§ What needs to be done
Your answer is a copy of every line in the records where "Build" appears.

§ Data supplied
(* Let $R$ be a ring, $M$ an $R$-module of finite length, and $A_1,A_2,B_1,B_2\subset M$ submodules such that $A_1$ and $A_2$ are coprime, $A_1\oplus A_2=M$, $B_1\oplus B_2=M$, and $A_1\cong B_1$. Then $A_1\oplus B_2=M$ and $B_1\oplus A_2=M$.
   Context: Modules are left modules. A module has finite length if every totally ordered set of submodules is finite. For submodules $C,D$ of $M$, $C\oplus D=M$ means the natural map $C\oplus D\to M$ is an isomorphism. An $R$-module $D$ is a divisor of $M$ if $M\cong D\oplus N$ for some $R$-module $N$. Two $R$-modules of finite length are coprime if $0$ is (up to isomorphism) the only $R$-module that is a divisor of both. *)

From HB Require Import structures.
From mathcomp Require Import all_boot all_algebra.
Set Implicit Arguments. Unset Strict Implicit. Unset Printing Implicit Defensive.
Import GRing.Theory.
Local Open Scope ring_scope.

(* Left modules over a ring R are MathComp's [lmodType R].
   A submodule of M is represented by a predicate [S : M -> Prop]
   that is closed under the module operations. *)

Definition is_submod (R : pzRingType) (M : lmodType R) (S : M -> Prop) : Prop :=
  [/\ S 0,
      (forall x y, S x -> S y -> S (x + y)) &
      (forall (r : R) x, S x -> S (r *: x))].

Definition submod_le (R : pzRingType) (M : lmodType R) (S T : M -> Prop) : Prop :=
  forall x, S x -> T x.

(* A set of submodules is a predicate C on predicates; it is finite
   if its members are (extensionally) among finitely many s 0, ..., s (n-1). *)
Definition finite_length (R : pzRingType) (M : lmodType R) : Prop :=
  forall C : (M -> Prop) -> Prop,
    (forall S, C S -> is_submod S) ->
    (forall S T, C S -> C T -> submod_le S T \/ submod_le T S) ->
    exists (n : nat) (s : nat -> (M -> Prop)),
      forall S, C S -> exists2 i, (i < n)%N & forall x, S x <-> s i x.

Definition internal_direct_sum (R : pzRingType) (M : lmodType R)
    (C D : M -> Prop) : Prop :=
  (forall m : M, exists c d, [/\ C c, D d & m = c + d]) /\
  (forall c1 c2 d1 d2 : M, C c1 -> C c2 -> D d1 -> D d2 ->
     c1 + d1 = c2 + d2 -> c1 = c2 /\ d1 = d2).

(* Two submodules A, B of M are isomorphic as R-modules: there is a map
   A -> B (given by its values on A) that is R-linear, injective and onto B. *)
Definition submod_iso (R : pzRingType) (M : lmodType R) (A B : M -> Prop) : Prop :=
  exists f : M -> M,
    [/\ (forall x, A x -> B (f x)),
        (forall x y, A x -> A y -> f (x + y) = f x + f y),
        (forall (r : R) x, A x -> f (r *: x) = r *: f x),
        (forall x y, A x -> A y -> f x = f y -> x = y) &
        (forall y, B y -> exists2 x, A x & f x = y)].

(* An R-module D is a divisor of the submodule A (viewed as an R-module):
   A is isomorphic to D (+) N for some R-module N, i.e. there is an injective
   R-linear map D * N -> M whose image is exactly A. *)
Definition divisor_of_submod (R : pzRingType) (M : lmodType R)
    (D : lmodType R) (A : M -> Prop) : Prop :=
  exists (N : lmodType R) (f : {linear (D * N)%type -> M}),
    [/\ injective f,
        (forall z, A (f z)) &
        (forall y, A y -> exists z, f z = y)].

Definition trivial_module (R : pzRingType) (D : lmodType R) : Prop :=
  forall x : D, x = 0.

Definition coprime_submod (R : pzRingType) (M : lmodType R) (A B : M -> Prop) : Prop :=
  forall D : lmodType R,
    divisor_of_submod D A -> divisor_of_submod D B -> trivial_module D.

From HB Require Import structures.
From mathcomp Require Import all_boot all_algebra.
From mathcomp Require Import boolp.
Set Implicit Arguments. Unset Strict Implicit. Unset Printing Implicit Defensive.
Import GRing.Theory.
Local Open Scope ring_scope.

(* Extend the isomorphism A1 ~ B1 and its inverse to endomorphisms Phi, Psi of M
   (Psi kills B2), and let p be the projection onto A1 along A2.  On A1,
   id = Psi (p Phi) + Psi ((1 - p) Phi), and the second summand factors through A2.
   For an endomorphism of A1 factoring through A2, Fitting's lemma makes the stable
   image of its powers a common direct summand of A1 and A2, so coprimality forces
   it to be nilpotent.  Hence Psi (p Phi) is injective on A1, so bijective by finite
   length; then Psi : A1 -> A1 and p : B1 -> A1 are bijective, and their kernels B2
   and A2 are complements of A1 and B1. *)

Section Submodules.
Variables (R : pzRingType) (M : lmodType R).
Implicit Types (S A : M -> Prop) (f : {linear M -> M}).

Lemma submodB S : is_submod S -> forall x y, S x -> S y -> S (x - y).
Proof. by case=> _ SD SZ x y Sx Sy; rewrite -scaleN1r; apply: SD => //; apply: SZ. Qed.

Lemma is_submod_image f A : is_submod A -> is_submod (fun y => exists2 x, A x & f x = y).
Proof.
case=> A0 AD AZ; split.
- by exists 0; rewrite ?linear0.
- by move=> _ _ [x Ax <-] [y Ay <-]; exists (x + y); rewrite ?linearD //; apply: AD.
- by move=> r _ [x Ax <-]; exists (r *: x); rewrite ?linearZ_LR //; apply: AZ.
Qed.

Lemma is_submod_kernel f A : is_submod A -> is_submod (fun x => A x /\ f x = 0).
Proof.
case=> A0 AD AZ; split.
- by rewrite linear0.
- by move=> x y [Ax fx] [Ay fy]; rewrite linearD fx fy addr0; split=> //; apply: AD.
- by move=> r x [Ax fx]; rewrite linearZ_LR fx scaler0; split=> //; apply: AZ.
Qed.

End Submodules.

Section SubmoduleType.
Variables (R : pzRingType) (M : lmodType R) (P : M -> Prop).
Hypothesis HP : is_submod P.

(* The closure proof is a phantom index: it is what lets the canonical lmodType
   instance below be found. *)
Record submod_type (HP' : is_submod P) :=
  SubmodElt { submod_val : M; _ : `[< P submod_val >] }.

Lemma submod_closed_asbool : subsemimod_closed (fun x : M => `[< P x >]).
Proof.
case: HP => P0 PD PZ; split; first split.
- exact/asboolP.
- by move=> x y /asboolP Px /asboolP Py; apply/asboolP; apply: PD.
- by move=> r x /asboolP Px; apply/asboolP; apply: PZ.
Qed.

HB.instance Definition _ := [isSub for @submod_val HP].
HB.instance Definition _ := [Choice of submod_type HP by <:].
HB.instance Definition _ :=
  GRing.SubChoice_isSubLmodule.Build R M _ (submod_type HP) submod_closed_asbool.

Lemma submod_valP (x : submod_type HP) : P (val x).
Proof. by apply/asboolP; case: x. Qed.

End SubmoduleType.

Section Iterates.
Variables (R : pzRingType) (M : lmodType R) (w : {linear M -> M}) (n : nat).

Lemma iter_is_linear : linear (iter n w).
Proof. by elim: n => [|k IH] a x y //=; rewrite IH linearP. Qed.

HB.instance Definition _ := GRing.isLinear.Build R M M *:%R (iter n w) iter_is_linear.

§ Solution to this task
  GRing.SubChoice_isSubLmodule.Build R M _ (submod_type HP) submod_closed_asbool.
HB.instance Definition _ := GRing.isLinear.Build R M M *:%R (iter n w) iter_is_linear.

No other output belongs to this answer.